“Parlare di sofferenza non è facile”, diceva Maria Cicconetti, qualche giorno fa soltanto. Pareva preoccupata, nonostante fosse questa dello scorso giovedì 18 aprile, alla UILDM di Chivasso, forse la sua trentesima presentazione. “A chi soffre non è facile parlare di sofferenza”, diceva.
Non è facile mai, in realtà. Guardiamoci attorno: chi ne ha voglia? Chi ha voglia di sentir parlare di sofferenza? Il mondo gira da un’altra parte. Il mondo “si gira”, anzi, troppo spesso, dall’altra parte.
Ho detto a Maria di non preoccuparsi. Ne La foto che non c’è non si fanno sconti alla sofferenza. Ci si passa in mezzo. Dall’abbandono alla perdita; dalla malattia, al perdono, la protagonista de La foto che non c’è cade e ricade. Eppure non si sporca mai; eppure ha sempre chiaro dentro di sé, anche quando la sofferenza è acuta, che c’è dell’altro. Oltre la sofferenza, che non dura per sempre, e oltre la prova fatale del perdono, ci sono, infatti, la serenità, la guarigione, la capacità – addirittura – di alleviare la sofferenza altrui.
È vero, Maria, non è facile parlare di sofferenza. Nel libro lo si fa, però.
Ha spiegato quale sia l’attacco della storia Renato Dutto, giornalista, presidente UILDM di Chivasso, che ha introdotto l’incontro e il libro, mettendone in luce i valori, senza mai svelarne la trama. De La foto che non c’è ha letto la prima pagina, che è quella dello strappo: dal sole dell’infanzia, un infanzia povera, eppure lieta, Maria viene improvvisamente sottratta.
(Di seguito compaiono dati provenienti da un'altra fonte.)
(* Let $k$ be a nonnegative integer and let $G$ be a finite simple graph such that every topological minor of $G$ has a vertex of degree at most $k$. Then $G$ is dynamically $(k+3)$-colorable.
   Context: All graphs are finite and simple. A graph $H$ is a topological minor of $G$ if $G$ has a subgraph isomorphic to a subdivision of $H$ (in particular $G$ is a topological minor of itself). Given a proper vertex coloring of a graph, a vertex $v$ is happy if either $v$ has at most one neighbor or $v$ has two neighbors receiving distinct colors. A dynamic $m$-coloring is a proper vertex coloring with at most $m$ colors in which every vertex is happy; a graph is dynamically $m$-colorable if it has one. *)

From mathcomp Require Import all_boot.
Set Implicit Arguments. Unset Strict Implicit. Unset Printing Implicit Defensive.

Definition simple_graph (T : finType) (e : rel T) : Prop :=
  symmetric e /\ irreflexive e.

Definition deg (T : finType) (e : rel T) (x : T) : nat := #|[set y | e x y]|.

(* H = (V, eH) is a topological minor of G = (T, eG): G contains a subdivision
   of H, i.e. an injective map phi of the branch vertices, and for every edge
   uv of H a path in G from phi u to phi v whose interior vertices P u v are
   distinct, not branch vertices, and disjoint from the interiors of the paths
   of all other edges (P v u is the same path reversed). *)
Definition topological_minor (V T : finType) (eH : rel V) (eG : rel T) : Prop :=
  exists (phi : V -> T) (P : V -> V -> seq T),
    [/\ injective phi,
        forall u v, eH u v -> path eG (phi u) (rcons (P u v) (phi v)) && uniq (P u v),
        forall u v, eH u v -> P v u = rev (P u v),
        forall u v x, eH u v -> x \in P u v -> x \notin codom phi
      & forall u v u' v', eH u v -> eH u' v' ->
          ~~ (((u == u') && (v == v')) || ((u == v') && (v == u'))) ->
          [disjoint P u v & P u' v'] ].

Definition dynamic_coloring (T : finType) (e : rel T) (m : nat) (c : T -> 'I_m) : Prop :=
  (forall x y, e x y -> c x != c y) /\
  (forall v, deg e v <= 1 \/ exists x y, [/\ e v x, e v y & c x != c y]).

Definition dynamically_colorable (T : finType) (e : rel T) (m : nat) : Prop :=
  exists c : T -> 'I_m, dynamic_coloring e c.

(* Induction along topological minors of G, starting from G itself.  A topological
   minor H of G has a vertex of degree at most k, and v can even be chosen so that
   2 deg v <= k + 2, or deg v <= k and all neighbours of v have degree at least 3.
   Delete v and, if v has two non-adjacent neighbours a and b, join them by the path
   through v: this is again a topological minor of G, dynamically (k+3)-colourable by
   induction, and the edge ab (or, failing it, the clique on the neighbours of v)
   makes v happy.  To colour v, avoid the colours of its neighbours and, for each
   neighbour u whose other neighbours all share one colour, that colour.  At most
   deg v neighbours are of this kind, and only a and b when all neighbours have
   degree at least 3, since any other neighbour keeps degree at least 2 and is happy
   in the smaller graph; either way at most k + 2 colours are excluded. *)

From mathcomp Require Import all_boot zify.
Set Implicit Arguments. Unset Strict Implicit. Unset Printing Implicit Defensive.

Section Subdivision.
Variables (T : finType) (e : rel T).

(* [h] is a graph on the branch vertices [S], and [Q x y] is the interior of the
   path of [e] that realises the edge [xy]. *)
Record subdivision (S : {set T}) (h : rel T) (Q : T -> T -> seq T) : Prop :=
  Subdivision {
    sd_sym : symmetric h;
    sd_irr : irreflexive h;
    sd_branch : forall x y, h x y -> x \in S;
    sd_path : forall x y, h x y -> path e x (rcons (Q x y) y);
    sd_uniq : forall x y, h x y -> uniq (Q x y);
    sd_rev : forall x y, h x y -> Q y x = rev (Q x y);
    sd_interior : forall x y z, h x y -> z \in Q x y -> z \notin S;
    sd_disjoint : forall x y x' y', h x y -> h x' y' ->
      ~~ (((x == x') && (y == y')) || ((x == y') && (y == x'))) ->
      [disjoint Q x y & Q x' y'] }.

Lemma subdivision_refl : simple_graph e -> subdivision [set: T] e (fun _ _ => [::]).
Proof.
case=> esym eirr; split=> // [x y xy|x y x' y' _ _ _].
- by rewrite /= andbT.
- by rewrite disjoint_has.
Qed.

Definition induced (S : {set T}) (h : rel T) : rel {x | x \in S} :=
  fun u w => h (val u) (val w).
Arguments induced : clear implicits.

Section Induced.
Variables (S : {set T}) (h : rel T) (Q : T -> T -> seq T).
Hypothesis sd : subdivision S h Q.

Lemma subdivision_topological_minor : topological_minor (induced S h) e.
Proof.
have [_ _ _ hpath huniq hrev hint hdisj] := sd.
exists val, (fun u w => Q (val u) (val w)); split=> [||u w|u w z uw zQ|u w u' w' uw uw'].
- exact: val_inj.
- by move=> u w uw; rewrite hpath ?huniq.
- exact: hrev.
- by apply/codomP=> -[y zy]; move: (hint _ _ _ uw zQ); rewrite zy (valP y).
- by apply: hdisj.
Qed.

Lemma deg_induced (u : {x | x \in S}) : deg (induced S h) u = deg h (val u).
Proof.
rewrite /deg -(card_imset _ val_inj); apply: eq_card=> y; rewrite inE.
apply/imsetP/idP=> [[w]|uy]; first by rewrite inE => ? ->.
have yS : y \in S by apply: (sd_branch sd (y := val u)); rewrite (sd_sym sd).
by exists (exist _ y yS); rewrite ?inE.
Qed.

End Induced.

Definition minors_mindeg_le (k : nat) : Prop :=
  forall (V : finType) (eH : rel V), simple_graph eH -> 0 < #|V| ->
    topological_minor eH e -> exists x : V, deg eH x <= k.

Lemma subdivision_low_degree k S h Q : minors_mindeg_le k ->
  subdivision S h Q -> 0 < #|S| -> exists2 v, v \in S & deg h v <= k.
Proof.
move=> mindeg sd /card_gt0P[s sS].
have simple : simple_graph (induced S h).
  by split=> [u w|u]; rewrite /induced; [apply: (sd_sym sd) | apply: (sd_irr sd)].
have nonempty : 0 < #|{: {x | x \in S}}| by apply/card_gt0P; exists (exist _ s sS).
have [u] := mindeg _ _ simple nonempty (subdivision_topological_minor sd).
by rewrite (deg_induced sd); exists (val u); first exact: valP.
Qed.

End Subdivision.

Lemma rel_neq (T : eqType) (r : rel T) x y : irreflexive r -> r x y -> x != y.
Proof. by move=> rirr; apply: contraTneq => ->; rewrite rirr. Qed.

(* The choice [a = b] encodes that no edge is added. *)
Definition bypass (T : eqType) (h : rel T) (v a b : T) : rel T := fun x y =>
  [&& h x y, x != v & y != v] ||
  (a != b) && ((x == a) && (y == b) || (x == b) && (y == a)).

Variant bypass_spec (T : eqType) (h : rel T) (v a b x y : T) : Prop :=
  | BypassOld of h x y & x != v & y != v
  | BypassNew of a != b & x = a & y = b
  | BypassNewRev of a != b & x = b & y = a.

Lemma bypassP (T : eqType) (h : rel T) (v a b x y : T) :
  bypass h v a b x y -> bypass_spec h v a b x y.
Proof.
case/orP=> [/and3P[]|/andP[ab /orP[]/andP[/eqP-> /eqP->]]]; first exact: BypassOld.
- exact: BypassNew.
- exact: BypassNewRev.
Qed.

Section BypassGraph.
Variables (T : finType) (h : rel T) (v a b : T).
Hypotheses (hsym : symmetric h) (hirr : irreflexive h).
Hypothesis Hab : a != b -> [&& h v a, h v b & ~~ h a b].
Local Notation g := (bypass h v a b).

Lemma nbr_neqv y : h v y -> (y == v) = false.
Proof. by move=> vy; apply/negbTE; rewrite eq_sym (rel_neq hirr vy). Qed.

Lemma bypass_sym : symmetric g.
Proof.
have gyx x y : g x y -> g y x.
  case/bypassP=> [xy xv yv|ab -> ->|ab -> ->]; rewrite /bypass ?ab ?eqxx ?orbT //.
  by rewrite hsym xy xv yv.
by move=> x y; apply/idP/idP => /gyx.
Qed.

Lemma bypass_irr : irreflexive g.
Proof.
move=> x; apply/negP; case/bypassP=> [|ab xa xb|ab xb xa].
- by rewrite hirr.
- by move: ab; rewrite -xa -xb eqxx.
- by move: ab; rewrite -xa -xb eqxx.
Qed.

Lemma bypass_old_edge x y : h x y -> x != v -> y != v -> g x y.
Proof. by rewrite /bypass => -> -> ->. Qed.

Lemma bypass_nonnbr x : x != v -> ~~ h v x -> g x =1 h x.
Proof.
move=> xv vx y; apply/idP/idP => [/bypassP[//|ab xa _|ab xb _]|xy].
- by case/and3P: (Hab ab) => va _ _; rewrite xa va in vx.
- by case/and3P: (Hab ab) => _ vb _; rewrite xb vb in vx.
- apply: bypass_old_edge => //; apply: contraNneq vx => yv.
  by rewrite hsym -yv.
Qed.

End BypassGraph.

Definition splice (T : Type) (Q : T -> T -> seq T) (v p q : T) : seq T :=
  Q p v ++ v :: Q v q.

Definition bypass_paths (T : eqType) (Q : T -> T -> seq T) (v a b : T) :
    T -> T -> seq T := fun x y =>
  if (x == a) && (y == b) then splice Q v a b
  else if (x == b) && (y == a) then splice Q v b a else Q x y.

Lemma bypass_paths_new (T : eqType) (Q : T -> T -> seq T) (v a b : T) : a != b ->
  bypass_paths Q v a b a b = splice Q v a b /\ bypass_paths Q v a b b a = splice Q v b a.
Proof. by move=> ab; rewrite /bypass_paths (negbTE ab) andbF !eqxx. Qed.

Section BypassSubdivision.
Variables (T : finType) (e : rel T) (S : {set T}) (h : rel T) (Q : T -> T -> seq T).
Variable v : T.
Hypotheses (sd : subdivision e S h Q) (vS : v \in S).

Lemma notin_interior x y : h x y -> v \notin Q x y.
Proof. by move=> xy; apply: contraTN vS => /(sd_interior sd xy). Qed.

Section Splice.
Variables (p q : T).
Hypotheses (vp : h v p) (vq : h v q).

Lemma rev_splice : rev (splice Q v p q) = splice Q v q p.
Proof.
rewrite /splice rev_cat rev_cons -cats1 -catA /=.
by rewrite -(sd_rev sd vq) (sd_rev sd vp) revK.
Qed.

Lemma splice_path : path e p (rcons (splice Q v p q) q).
Proof.
have pv : h p v by rewrite (sd_sym sd).
rewrite /splice -cat_rcons rcons_cat cat_path last_rcons.
by rewrite (sd_path sd pv) (sd_path sd vq).
Qed.

Lemma splice_uniq : p != q -> uniq (splice Q v p q).
Proof.
move=> pq; have pv : h p v by rewrite (sd_sym sd).
rewrite /splice cat_uniq /= (notin_interior vq) (sd_uniq sd pv) (sd_uniq sd vq) andbT /=.
rewrite negb_or (notin_interior pv) /= -disjoint_has disjoint_sym andbT.
by rewrite (sd_disjoint sd pv vq) // (negbTE pq) (negbTE (rel_neq (sd_irr sd) vq)) andbF.
Qed.

Lemma splice_interior z : z \in splice Q v p q -> z \notin S :\ v.
Proof.
have pv : h p v by rewrite (sd_sym sd).
rewrite mem_cat in_cons !inE => /or3P[zQ|->|zQ] //.
  by rewrite (negbTE (sd_interior sd pv zQ)) andbF.
by rewrite (negbTE (sd_interior sd vq zQ)) andbF.
Qed.

Lemma splice_disjoint x y : h x y -> x != v -> y != v ->
  [disjoint Q x y & splice Q v p q].
Proof.
move=> xy xv yv; have pv : h p v by rewrite (sd_sym sd).
rewrite disjoint_sym disjoint_cat disjoint_cons (notin_interior xy) /=.
rewrite (sd_disjoint sd pv xy) ?(sd_disjoint sd vq xy) //;
  by rewrite ![v == _]eq_sym (negbTE xv) (negbTE yv) ?andbF.
Qed.

End Splice.

Variables (a b : T).
Hypothesis Hab : a != b -> [&& h v a, h v b & ~~ h a b].
Local Notation R := (bypass_paths Q v a b).

Lemma bypass_paths_old x y : h x y -> R x y = Q x y.
Proof.
move=> xy; have nab : ~~ h a b.
  by have [<-|/Hab/and3P[]//] := eqVneq a b; rewrite (sd_irr sd).
rewrite /bypass_paths; case: ifP => [/andP[/eqP xa /eqP yb]|_].
  by move: xy nab; rewrite xa yb => ->.
case: ifP => [/andP[/eqP xb /eqP ya]|//].
by move: xy nab; rewrite xb ya (sd_sym sd) => ->.
Qed.

Lemma bypass_pathsP x y : bypass h v a b x y ->
  [/\ h x y, x != v, y != v & R x y = Q x y] \/
  [/\ h v x, h v y, x != y & R x y = splice Q v x y].
Proof.
case/bypassP=> [xy xv yv|ab -> ->|ab -> ->]; first by left; rewrite bypass_paths_old.
all: right; case/and3P: (Hab ab) => va vb _; have [Rab Rba] := bypass_paths_new Q v ab.
  by rewrite Rab.
by rewrite eq_sym Rba.
Qed.

Lemma bypass_paths_disjoint x y x' y' : bypass h v a b x y -> bypass h v a b x' y' ->
  ~~ (((x == x') && (y == y')) || ((x == y') && (y == x'))) -> [disjoint R x y & R x' y'].
Proof.
move=> /bypassP[xy xv yv|ab -> ->|ab -> ->] /bypassP[x'y' x'v y'v|ab' -> ->|ab' -> ->] ne.
all: try by rewrite !eqxx ?orbT in ne.
- by rewrite !bypass_paths_old // (sd_disjoint sd).
- case/and3P: (Hab ab') => va vb _; have [-> _] := bypass_paths_new Q v ab'.
  by rewrite bypass_paths_old // splice_disjoint.
- case/and3P: (Hab ab') => va vb _; have [_ ->] := bypass_paths_new Q v ab'.
  by rewrite bypass_paths_old // splice_disjoint.
- case/and3P: (Hab ab) => va vb _; have [-> _] := bypass_paths_new Q v ab.
  by rewrite bypass_paths_old // disjoint_sym splice_disjoint.
- case/and3P: (Hab ab) => va vb _; have [_ ->] := bypass_paths_new Q v ab.
  by rewrite bypass_paths_old // disjoint_sym splice_disjoint.
Qed.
Chi dovrebbe difenderla, la dà via. Chi dovrebbe amarla, la scarica in un istituto, come fosse un oggetto troppo ingombrante.
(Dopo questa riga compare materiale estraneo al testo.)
(* Let $E$ be a complex vector space of dimension $e$, let $U$ be a complex orthogonal vector space of dimension $2k+1$ ($k\ge1$), and let $V=\operatorname{Sym}(E\otimes U)$ with the commuting actions of $\mathfrak{g}=\mathfrak{so}(U)$ and $H=\mathfrak{gl}(E)$. Write $U=\mathbf{C}\oplus(U_1\oplus U_1^* )\oplus\cdots\oplus(U_k\oplus U_k^* )$, where $U_i,U_i^*$ are isotropic lines paired by the form, $\mathbf{C}$ is a non-isotropic line, and the summands are mutually orthogonal; let the Cartan subalgebra of $\mathfrak{so}(U)$ be the elements preserving each of these lines, with weights identified with $k$-tuples via $\varepsilon_i$ = weight on $U_i$. For $n\in\mathbf{Z}$ let $L_n=\bigoplus_{d\ge0}\operatorname{Sym}^d(E)\otimes\operatorname{Sym}^{d+n}(E)$ (with $\operatorname{Sym}^m=0$ for $m<0$). Then for every $\chi\in\mathbf{Z}^k$, as $H$-representations, \[ V_\chi\cong \operatorname{Sym}(E)\otimes L_{\chi_1}\otimes\cdots\otimes L_{\chi_k}. \]
   Context: $V_\chi$ denotes the $\chi$-weight space of $V$ for the Cartan subalgebra described in the claim. *)

From HB Require Import structures.
From mathcomp Require Import all_boot all_order all_algebra.
From mathcomp Require Import complex mxtens.
From mathcomp Require Import reals.
From mathcomp Require Import mpoly.
Set Implicit Arguments. Unset Strict Implicit. Unset Printing Implicit Defensive.
Import GRing.Theory Num.Theory.
Local Open Scope ring_scope.

Section Defs.
Variable C : fieldType.

(* Action of gl(W), W = C^N with basis the variables 'X_r, on Sym(W) =
   {mpoly C[N]}: the derivation extending  x_s |-> \sum_r M r s x_r. *)
Definition symder (N : nat) (M : 'M[C]_N) (p : {mpoly C[N]}) : {mpoly C[N]} :=
  \sum_(r < N) \sum_(s < N) M r s *: ('X_r * mderiv s p).

Variables (e k : nat).
(* U = C^(2k+1), basis u_0, u_1, u_1^*, ..., u_k, u_k^* :
   index 0 = non-isotropic line C, 2i+1 = U_(i+1), 2i+2 = U_(i+1)^*. *)
Notation u := (2 * k).+1.
Definition uidx (i : 'I_k) : 'I_u := inord (2 * i + 1).
Definition udidx (i : 'I_k) : 'I_u := inord (2 * i + 2).

Definition gramU : 'M[C]_u := \matrix_(r, s)
  (((r == ord0) && (s == ord0)) ||
   [exists i : 'I_k, ((r == uidx i) && (s == udidx i)) ||
                     ((r == udidx i) && (s == uidx i))])%:R.

Definition soU : pred 'M[C]_u := fun X => X^T *m gramU + gramU *m X == 0.

(* Cartan subalgebra: elements of so(U) preserving each of the lines
   C u_0, C u_i, C u_i^*, i.e. diagonal in this basis. *)
Definition cartanU : pred 'M[C]_u := fun X => soU X && is_diag_mx X.

Definition weight_of (chi : 'I_k -> int) (X : 'M[C]_u) : C :=
  \sum_(i < k) (chi i)%:~R * X (uidx i) (uidx i).

(* V = Sym(E (x) U) with E = C^e; E (x) U = C^(e*u) via mxtens_index. *)
Definition Vsp := {mpoly C[e * u]}.

Definition actH (A : 'M[C]_e) (p : {mpoly C[e * u]}) : {mpoly C[e * u]} :=
  symder (A *t (1%:M : 'M[C]_u)) p.

Definition actG (X : 'M[C]_u) (p : {mpoly C[e * u]}) : {mpoly C[e * u]} :=
  symder ((1%:M : 'M[C]_e) *t X) p.

Definition weight_space (chi : 'I_k -> int) (p : {mpoly C[e * u]}) : Prop :=
  forall X : 'M[C]_u, cartanU X -> actG X p = weight_of chi X *: p.

(* Tensor products of symmetric algebras are realized through the canonical
   identification Sym(E) (x) ... (x) Sym(E) (2k+1 factors) = Sym(E (x) C^(2k+1))
   (same polynomial ring as V, but a different role of the slots):
     slot 0      <-> the factor Sym(E),
     slot 2i+1   <-> the factor Sym^d(E)     of L_(chi_i),
     slot 2i+2   <-> the factor Sym^(d+n)(E) of L_(chi_i).
   blockdeg m j = total degree of the monomial m in slot j. *)
Definition blockdeg (mon : 'X_{1..e * u}) (j : 'I_u) : nat :=
  (\sum_(a < e) mon (mxtens_index (a, j)))%N.

Definition rhs_space (chi : 'I_k -> int) (q : {mpoly C[e * u]}) : Prop :=
  forall mon, mon \in msupp q -> forall i : 'I_k,
    (blockdeg mon (udidx i))%:Z = (blockdeg mon (uidx i))%:Z + chi i.

(* H acts diagonally on the tensor product, i.e. by A (x) 1 on E (x) C^(2k+1);
   this is again [actH]. *)
Definition H_iso (P Q : {mpoly C[e * u]} -> Prop) : Prop :=
  exists f : {linear {mpoly C[e * u]} -> {mpoly C[e * u]}},
    [/\ forall p, P p -> Q (f p),
        forall p1 p2, P p1 -> P p2 -> f p1 = f p2 -> p1 = p2,
        forall q, Q q -> exists2 p, P p & f p = q
      & forall (A : 'M[C]_e) p, P p -> f (actH A p) = actH A (f p)].
End Defs.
La sera di giovedì scorso, il pubblico era composto di amici, di persone a Maria vicine per sensibilità, ma desideroso, anche e sempre, di conoscere e di sapere. “Come sei riuscita a descrivere tante dimensioni diverse della sofferenza e dell’abbandono?”, ha chiesto Alessandro Bena, past presidente di UILDM Chivasso. Maria ha conosciuto ciò che ha scritto. Maria ha fatto esperienza delle cose, prima di misurarsi con le parole, dentro alle quali quella esperienza avrebbe messo. Ecco perché la sua scrittura è forte. “Mi ha sorpreso soprattutto la forza di queste pagine, anche se la loro forma, al principio, richiedeva ancora tempo e meditazione. Anche se c’erano parti da rivedere, da rifinire, c’era, fin dalla prima volta che ho letto la storia di Maria, una forza intensa, genuina, reale dentro le sue pagine”, ha detto Stefano Termanini, rispondendo a una sollecitazione di Renato Dutto, che gli ha chiesto quale sia stata la prima impressione tratta dalla lettura del libro di Maria e le ragioni che lo hanno spinto a scegliere quel manoscritto, tra i tanti che bussano alla porta di una casa editrice, perché diventasse un libro. “C’era, in quelle pagine, forza e desiderio di trascendere il male – dice Stefano Termanini –, perché la Maria che è protagonista di questa storia non si lascia mai andare, anche quando lasciarsi andare sembrerebbe più facile, addirittura più naturale. Sa che può trasformarsi. Sa che la crescita, l’evoluzione, il cambiamento sono qualità dell’uomo”.
Di straordinaria intensità – e bellezza, e forza – la testimonianza di Alessandro Bena, che Maria Cicconetti ha pubblicamente ringraziato (“devo a te, Alessandro – ha detto – il fatto di aver capito tanto della sofferenza. Non sono stata io ad aiutare te, ma sei tu che mi hai aiutato”). “Sapere di poter comunque essere d’aiuto ad altri”, ha detto Alessandro Bena, “è da questo che attingo la forza per alzarmi, ogni nuova mattina, e qui dentro cerco il senso della mia vita”./[s.t.]